The following recipe can serve four. As is typical of most of my recipes, I give you the steps in the order that I do things, so that the ingredients come together at once, which is easy if this is all you're preparing, which would be more than adequate for lunch.

Aubergine and Fennel Seed Fettuccine

2 tablespoons olive oil, divided use
1 1/2 tablespoons fennel seeds
500g/16oz aubergine, cut into bite-size pieces
salt & pepper
150ml/5fl. oz cream/heavy cream
1/4 cup parmesan, grated
1 1/2 tablespoons fennel fronds, chopped
350g/12oz fettuccine
extra parmesan (prepared with a vegetable peeler) and fennel fronds (chopped)

1) Boil water that is heavily seasoned with salt in a large pot.
2) Heat 1/2 tablespoon olive oil over medium heat. Add fennel seeds.
3) When the seeds give off an aroma, add the rest of the olive oil and the aubergine pieces. Toss together and cook until aubergine is very soft - 10 to 15 minutes.
4) In the meantime, the water should be boiling, so add pasta to the water. Follow the instructions of the pasta your purchase, if you do not make it yourself, as to when your chosen pasta should be al dente, or to your liking if you prefer it without the slightest resistance.
5) Season aubergine with salt and pepper.
6) Add the cream and parmesan over a very low heat.
7) When the cream bubbles lightly, remove from the heat and add fennel fronds. Stir to combine.
8) By now the pasta should be ready, so drain it in a colander and then add it to the creamy aubergine. Toss together and serve with shavings of parmesan and a scattering of chopped fennel fronds.
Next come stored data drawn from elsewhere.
Lemma crossing_rotate (N k a b c d : nat) : (k <= N)%N ->
  (a < N)%N -> (b < N)%N -> (c < N)%N -> (d < N)%N ->
  crossing a b c d <->
  crossing (rotate N k a) (rotate N k b) (rotate N k c) (rotate N k d).
Proof.
move=> kN aN bN cN dN.
have := rotate_eq kN aN cN; have := rotate_eq kN aN dN.
have := rotate_eq kN bN cN; have := rotate_eq kN bN dN.
have := cyclic_rotate kN aN cN bN; have := cyclic_rotate kN aN bN dN.
have := cyclic_rotate kN aN bN cN; have := cyclic_rotate kN aN dN bN.
rewrite !crossing_cyclic; tauto.
Qed.

End IntegerChords.

Lemma clos_rt_mono (T : Type) (E E' : T -> T -> Prop) :
  (forall x y, E x y -> E' x y) ->
  forall x y, clos_refl_trans T E x y -> clos_refl_trans T E' x y.
Proof.
move=> sub x y; elim=> [a b /sub|a|a b c _ IH1 _ IH2].
- exact: rt_step.
- exact: rt_refl.
- exact: rt_trans IH1 IH2.
Qed.

Lemma clos_rt_iff (T : Type) (E E' : T -> T -> Prop) :
  (forall x y, E x y <-> E' x y) ->
  forall x y, clos_refl_trans T E x y <-> clos_refl_trans T E' x y.
Proof. by move=> EE' x y; split; apply: clos_rt_mono => u v /EE'. Qed.

Lemma clos_rt_cut (T : Type) (E : T -> T -> Prop) (L : T -> Prop) (x y : T) :
  (forall u v, ~ L u -> L v -> ~ E u v) -> ~ L x -> L y ->
  ~ clos_refl_trans T E x y.
Proof.
move=> no_entry Lx Ly /clos_rt_rtn1_iff path; suff : ~ L y by [].
by elim: path => // u v Euv _ IH Lv; exact: no_entry IH Lv Euv.
Qed.

Lemma ex_max_below (P : nat -> Prop) (x z : nat) : P z -> z < x ->
  exists a, [/\ P a, a < x & forall e, P e -> e < x -> e <= a].
Proof.
move=> Pz zx; move: {2}(x - z) (leqnn (x - z)) => k.
elim: k z Pz zx => [|k IH] z Pz zx kz; first lia.
case: (classic (exists e, P e /\ (z < e < x))) => [[e [Pe /andP [ze ex]]]|none].
  by apply: (IH e) => //; lia.
exists z; split => // e Pe ex; case: (leqP e z) => // ze.
by case: none; exists e; split => //; apply/andP.
Qed.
Well, only if you enjoy the aroma and finish attributed to anethole as I do - fennel, licorice, star anise, sambuca, you name it. Luscious, earthy, smacking of early Autumn in Oceania, this comforts without any gastronomic suffocation. Of course, the perfect match is Sicilian nero d'avola, which is typically medium of body with notes of figs and pepper.

While I eagerly anticipate the Fall bounty to come, I particularly love being caught in-between seasons and blurring boundaries.